Дядя Саша разговаривал с преподобным Кириллом как с живым, спрашивал благословения на все дела, задавал вопросы и, видимо, получал прямые ответы. Говорил, что иногда сам Преподобный указывает ему, когда нужно встретить и пригласить к себе кого-то из приехавших впервые в Кириллов. По нескольку раз в день подходил он к мощам Преподобного, крестился, кланялся. Перед трапезой и чаепитием всегда читал тропарь Преподобному.
Много лет приезжал к дяде Саше художник-реставратор, поступивший потом в духовную семинарию. Старец очень хотел, чтобы мы познакомились, и сокрушался, что мы никак не можем приехать к нему одновременно. Говорил, что этот художник будет монахом, настоящим, духовным. Действительно, он стал монахом, и мы с ним встретились уже после кончины дяди Саши в этих же благословенных местах, только уже в Ферапонтовом монастыре.

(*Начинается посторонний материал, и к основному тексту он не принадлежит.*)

Lemma matching_neighbours e A f x :
  matching e A f -> x \in A -> f x \in neighbours e A.
Proof. by move=> [_ eAf] xA; apply/neighboursP; exists x; rewrite ?eAf. Qed.

Lemma matching_glue e A B N f g :
  matching e B f -> {in B, forall x, f x \in N} ->
  matching (avoiding e N) (A :\: B) g ->
  matching e A (fun x => if x \in B then f x else g x).
Proof.
move=> [injf ef] fN [injg eg].
have gN x : x \in A -> x \notin B -> g x \notin N.
  by move=> xA xB; have /eg/andP[] : x \in A :\: B by rewrite inE xB xA.
split=> [x y xA yA|x xA].
  case xB: (x \in B); case yB: (y \in B) => fxy.
  - exact: injf.
  - by move: (gN y yA (negbT yB)); rewrite -fxy fN.
  - by move: (gN x xA (negbT xB)); rewrite fxy fN.
  - by apply: injg; rewrite // inE ?xB ?yB.
case xB: (x \in B); first exact: ef.
by have /eg/andP[] : x \in A :\: B by rewrite inE xB xA.
Qed.

(* A tight set [B] uses up all of its neighbours, so the rest of [A] must be
   matched outside them; Hall's condition survives because
   [|C| + |B| <= |N(C :|: B)| <= |N'(C)| + |N(B)|]. *)
Lemma hall_condition_tight e A B :
  B \subset A -> hall_condition e A -> #|neighbours e B| <= #|B| ->
  hall_condition (avoiding e (neighbours e B)) (A :\: B).
Proof.
move=> sBA hallA tightB C sC.
have dCB : [disjoint C & B].
  apply: disjointWl sC _; rewrite disjoint_subset.
  by apply/subsetP => x; rewrite !inE => /andP[].
have sCBA : C :|: B \subset A.
  by rewrite subUset sBA (subset_trans sC) ?subsetDl.
have sN : neighbours e (C :|: B) \subset
          neighbours (avoiding e (neighbours e B)) C :|: neighbours e B.
  apply/subsetP => y /neighboursP[x /setUP[xC|xB] exy]; rewrite in_setU.
    have [_|yN] := boolP (y \in neighbours e B); rewrite ?orbT // orbF.
    by apply/neighboursP; exists x; rewrite // /avoiding /= exy.
  by apply/orP; right; apply/neighboursP; exists x.
have := hallA _ sCBA; have := subset_leq_card sN.
have [_] := leq_card_setU C B; rewrite dCB => /eqP cardCB.
have [cardN _] := leq_card_setU
  (neighbours (avoiding e (neighbours e B)) C) (neighbours e B).
by move: cardN tightB; lia.
Qed.
(* Let $p$ be prime, $n\ge2$, and $G$ a profinite group. Then $$\bigcap_{s=1}^{n}T^{\bar{\mathbb{U}}_{n,s}}(G)=\bigcap_{s=1}^{n-1}T^{\mathbb{U}_{n-1,s}}(G).$$
   Context: For profinite groups $\mathbb{U}$ and $G$, $T^{\mathbb{U}}(G)$ denotes the intersection of the kernels of all continuous homomorphisms $G\to\mathbb{U}$. For a commutative ring $R$, $\mathbb{U}_s(R)$ is the group of unipotent upper-triangular $(s+1)\times(s+1)$ matrices over $R$. For $1\le s\le k$ put $\mathbb{U}_{k,s}=\mathbb{U}_s(\mathbb{Z}/p^{k-s+1})$, and let $\bar{\mathbb{U}}_{k,s}$ be the quotient of $\mathbb{U}_{k,s}$ by the central subgroup of order $p$ generated by $I+p^{k-s}E_{1,s+1}$. (E.g. $\mathbb{U}_{k,1}\cong\mathbb{Z}/p^k$, $\bar{\mathbb{U}}_{k,1}\cong\mathbb{Z}/p^{k-1}$, and $\mathbb{U}_{k,k}=\mathbb{U}_k(\mathbb{Z}/p)$.) *)

From HB Require Import structures.
From mathcomp Require Import all_boot all_order all_algebra all_fingroup.
From mathcomp Require Import all_classical topology.
Set Implicit Arguments. Unset Strict Implicit. Unset Printing Implicit Defensive.
Import GRing.Theory.


Local Open Scope ring_scope.

Definition is_profinite_group (G : topologicalType)
    (mul : G -> G -> G) (inv : G -> G) (e : G) : Prop :=
  (forall x y z, mul x (mul y z) = mul (mul x y) z) /\
  (forall x, mul e x = x /\ mul x e = x) /\
  (forall x, mul (inv x) x = e /\ mul x (inv x) = e) /\
  continuous (fun xy : G * G => mul xy.1 xy.2) /\ continuous inv /\
  compact [set: G]%classic /\ hausdorff_space G /\
  totally_disconnected [set: G]%classic.

(* A continuous homomorphism from G into the finite group A (a subgroup of the
   finGroupType gT, carrying the discrete topology): multiplicative, values in A,
   and preimages of points are open (= continuity into a discrete space). *)
Definition cont_hom (G : topologicalType) (mul : G -> G -> G)
    (gT : finGroupType) (A : {set gT}) (f : G -> gT) : Prop :=
  [/\ (forall x y, f (mul x y) = (f x * f y)%g),
      (forall x, f x \in A)
    & (forall u : gT, open (f @^-1` [set u])%classic)].

Definition Tker (G : topologicalType) (mul : G -> G -> G)
    (gT : finGroupType) (A : {set gT}) : set G :=
  [set x | forall f : G -> gT, cont_hom mul A f -> f x = 1%g]%classic.

(* U_s(Z/m) inside GL_{s+1}(Z/m): unipotent upper-triangular matrices. *)
Definition Unip (m s : nat) : {set {'GL_(s.+1)['Z_m]}} :=
  [set u : {'GL_(s.+1)['Z_m]} |
     [forall i : 'I_(s.+1), forall j : 'I_(s.+1),
        (GLval u i j == (i == j)%:R) || (i < j)%N]].

(* For U_{k,s} = U_s(Z/p^(k-s+1)). *)
Definition Ukmod (p k s : nat) : nat := p ^ (k - s + 1).

Definition Ugrp (p k s : nat) : {set {'GL_(s.+1)['Z_(Ukmod p k s)]}} :=
  Unip (Ukmod p k s) s.

Definition Zsub (p k s : nat) : {set {'GL_(s.+1)['Z_(Ukmod p k s)]}} :=
  (<<[set u : {'GL_(s.+1)['Z_(Ukmod p k s)]} |
      GLval u == 1%:M + ((p ^ (k - s))%:R *: delta_mx ord0 ord_max)]>>)%g.

Definition Ubargrp (p k s : nat) : {set coset_of (Zsub p k s)} :=
  (Ugrp p k s / Zsub p k s)%g.

From HB Require Import structures.
From mathcomp Require Import all_boot all_order all_algebra all_fingroup.
From mathcomp Require Import all_classical topology.
From mathcomp Require Import zify.
Set Implicit Arguments. Unset Strict Implicit. Unset Printing Implicit Defensive.
Import GRing.Theory.

(* The argument is purely about finite quotients of G.  Let Z_{n,s} be the central subgroup of U_{n,s} generated by
   I + p^(n-s) E_{1,s+1}.  For s >= 1 both U_{n,s+1} and U_{n-1,s} are groups
   of matrices over Z/p^(n-s).
   - (LHS in RHS) The corner embedding M |-> diag(1, M) maps U_{n-1,s}
     injectively into Ubar_{n,s+1}, and an injective homomorphism A -> B
     gives T^B(G) in T^A(G).
   - (RHS in LHS) Let f : G -> Ubar_{n,s+1} with f x = u Z.  Deleting the first
     row and column, deleting the last row and column (both onto U_{n-1,s},
     for s >= 1) and reducing mod p^(n-s-1) (onto U_{n-1,s+1}, for s < n-1)
     are homomorphisms killing Z, hence factor through Ubar_{n,s+1}; for x in
     the right-hand side they are all trivial on u, and a unitriangular u
     killed by all three lies in Z, so f x = 1.
   The file develops, in order: reduction maps Z/a -> Z/b; how T^A behaves
   under homomorphisms; unitriangular matrices and the maps of GL groups they
   induce; row/column deletion and the corner embedding; the central
   elementary subgroup and factorisation through its quotient; the two
   inclusions; and finally the theorem. *)

Section ZpReduction.
Local Open Scope ring_scope.

Definition zred a b (x : 'Z_a) : 'Z_b := (nat_of_ord x)%:R.

Variables (a b : nat).
Hypotheses (a_gt1 : (1 < a)%N) (b_gt1 : (1 < b)%N) (b_dvd_a : (b %| a)%N).

Lemma zred_nat k : zred b (k%:R : 'Z_a) = k%:R.
Proof. by apply: ord_inj; rewrite /zred !val_Zp_nat // modn_dvdm. Qed.

Lemma zredD (x y : 'Z_a) : zred b (x + y) = zred b x + zred b y.
Proof. by rewrite -[x]natr_Zp -[y]natr_Zp -natrD !zred_nat natrD. Qed.

Lemma zredM (x y : 'Z_a) : zred b (x * y) = zred b x * zred b y.
Proof. by rewrite -[x]natr_Zp -[y]natr_Zp -natrM !zred_nat natrM. Qed.

Lemma zred0 : zred b (0 : 'Z_a) = 0.
Proof. by rewrite -(mulr0n 1) zred_nat. Qed.

Lemma zred_sum I (r : seq I) (P : pred I) (F : I -> 'Z_a) :
  zred b (\sum_(i <- r | P i) F i) = \sum_(i <- r | P i) zred b (F i).
Proof. exact: (big_morph _ zredD zred0). Qed.

Lemma map_zredM k (M N : 'M['Z_a]_k) :
  map_mx (zred b) (M *m N) = map_mx (zred b) M *m map_mx (zred b) N.
Proof.
apply/matrixP=> i j; rewrite !mxE zred_sum.
by apply: eq_bigr => l _; rewrite !mxE zredM.
Qed.

Lemma zred_inj : a = b -> injective (zred b : 'Z_a -> 'Z_b).
Proof.
move=> eq_ab x y /(congr1 (@nat_of_ord _)).
have lt_a (z : 'Z_a) : (nat_of_ord z < a)%N.
  by rewrite -[X in (_ < X)%N](Zp_cast a_gt1) ltn_ord.
by rewrite /zred !val_Zp_nat // -eq_ab !modn_small // => /ord_inj.
Qed.

End ZpReduction.

Section ContinuousHomomorphisms.
Local Open Scope classical_set_scope.
Variables (G : topologicalType) (mul : G -> G -> G) (gT hT : finGroupType).
Variables (A : {set gT}) (B : {set hT}) (phi : gT -> hT).
Hypotheses (phiM : {in A &, {morph phi : y z / (y * z)%g}})
           (phiA : forall a, a \in A -> phi a \in B).

(* Post-composition with a homomorphism A -> B of finite groups preserves
   continuous homomorphisms: a preimage of a point is a union of open fibres. *)
Lemma cont_hom_comp (f : G -> gT) : cont_hom mul A f -> cont_hom mul B (phi \o f).
Proof.
case=> fM fA f_open; split => [y z|y|v] /=; first by rewrite fM phiM.
  exact: phiA.
have -> : (phi \o f) @^-1` [set v] = \bigcup_(a in phi @^-1` [set v]) f @^-1` [set a].
  by apply/seteqP; split => y /= ; [exists (f y) | case=> a /= <- ->].
by apply: bigcup_open => a _; exact: f_open.
Qed.

Lemma Tker_morph (f : G -> gT) x :
  cont_hom mul A f -> Tker mul B x -> phi (f x) = 1%g.
Proof. by move=> hf xB; exact: (xB (phi \o f) (cont_hom_comp hf)). Qed.

Lemma Tker_inj x :
  (forall a, a \in A -> phi a = 1%g -> a = 1%g) -> Tker mul B x -> Tker mul A x.
Proof.
move=> phi_inj xB f hf; apply: phi_inj; first by case: hf.
exact: Tker_morph hf xB.
Qed.

End ContinuousHomomorphisms.

Section Unitriangular.
Local Open Scope ring_scope.

Definition unitri (R : nzRingType) k (M : 'M[R]_k) :=
  [forall i : 'I_k, forall j : 'I_k, (M i j == (i == j)%:R) || (i < j)%N].

Lemma ord_gt_eqF k (i l : 'I_k) : (l < i)%N -> (i == l) = false.
Proof. by move=> lt_li; apply/negbTE/eqP => eq_il; move: lt_li; rewrite eq_il ltnn. Qed.

Variable R : nzRingType.

Lemma unitriP k (M : 'M[R]_k) :
  reflect (forall i j : 'I_k, (j <= i)%N -> M i j = (i == j)%:R) (unitri M).
Proof.
apply: (iffP forallP) => [h i j le_ji|h i].
  by have /forallP/(_ j) := h i; rewrite ltnNge le_ji orbF => /eqP.
apply/forallP => j; case: (leqP j i) => [le_ji|]; last by rewrite orbT.
by rewrite h // eqxx.
Qed.

Lemma unitri_mul k (M N : 'M[R]_k) : unitri M -> unitri N -> unitri (M *m N).
Proof.
move=> /unitriP hM /unitriP hN; apply/unitriP => i j le_ji; rewrite mxE (bigD1 i) //=.
rewrite big1 ?addr0 => [|l ne_li]; first by rewrite hM // eqxx mul1r hN.
case: (ltnP l i) => [lt_li|le_il]; first by rewrite hM ?(ltnW lt_li) // ord_gt_eqF // mul0r.
have lt_il : (i < l)%N by rewrite ltn_neqAle le_il andbT; apply: contra ne_li => /eqP/val_inj ->.
by rewrite hN ?(ltnW (leq_ltn_trans le_ji lt_il)) // ord_gt_eqF ?mulr0 // (leq_ltn_trans le_ji).
Qed.

End Unitriangular.

(* A unitriangular matrix has determinant 1, hence is invertible. *)
Lemma unitri_unit (R : comUnitRingType) k (M : 'M[R]_k) : unitri M -> M \in unitmx.
Proof.
move/unitriP=> hM; rewrite unitmxE -det_tr det_trig.
  by rewrite big1 ?unitr1 // => i _; rewrite mxE hM // eqxx.
apply/is_trig_mxP => i j lt_ij; rewrite mxE hM ?(ltnW lt_ij) //.
by rewrite ord_gt_eqF.
Qed.

Lemma zred_unitri a b k (M : 'M['Z_a]_k) : (1 < a)%N -> (1 < b)%N -> (b %| a)%N ->
  unitri M -> unitri (map_mx (zred b) M).
Proof.
move=> a_gt1 b_gt1 b_dvd_a /unitriP hM; apply/unitriP => i j le_ji.
by rewrite mxE hM // zred_nat.
Qed.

Заходил к дяде Саше один молодой человек, который увлекался всевозможными учениями Востока, эзотерикой и т.п. В голове у него был настоящий «винегрет» из разных учений, и хотя тянулся он к Богу, никак не мог начать ходить в храм, молиться. Однажды я стал свидетелем того, как дядя Саша вразумлял его. Сидели мы за столом, пили чай. Дядя Саша сам наливает ему кружку, подает сухари:
– Ешь!
Тот съел несколько сухариков и говорит:
– Больше не могу, наелся.
– А я говорю тебе – ешь!
Доел он сухари и взмолился:
– Больше не могу!
– Ешь, тебе говорю,– довольно сурово сказал дядя Саша и заставил его съесть еще одну тарелку с сухарями. Потом снова достал порцию сухарей и насыпал в ту же тарелку. После этого сказал строго:
– Так и живешь, сколько можно пихать в себя!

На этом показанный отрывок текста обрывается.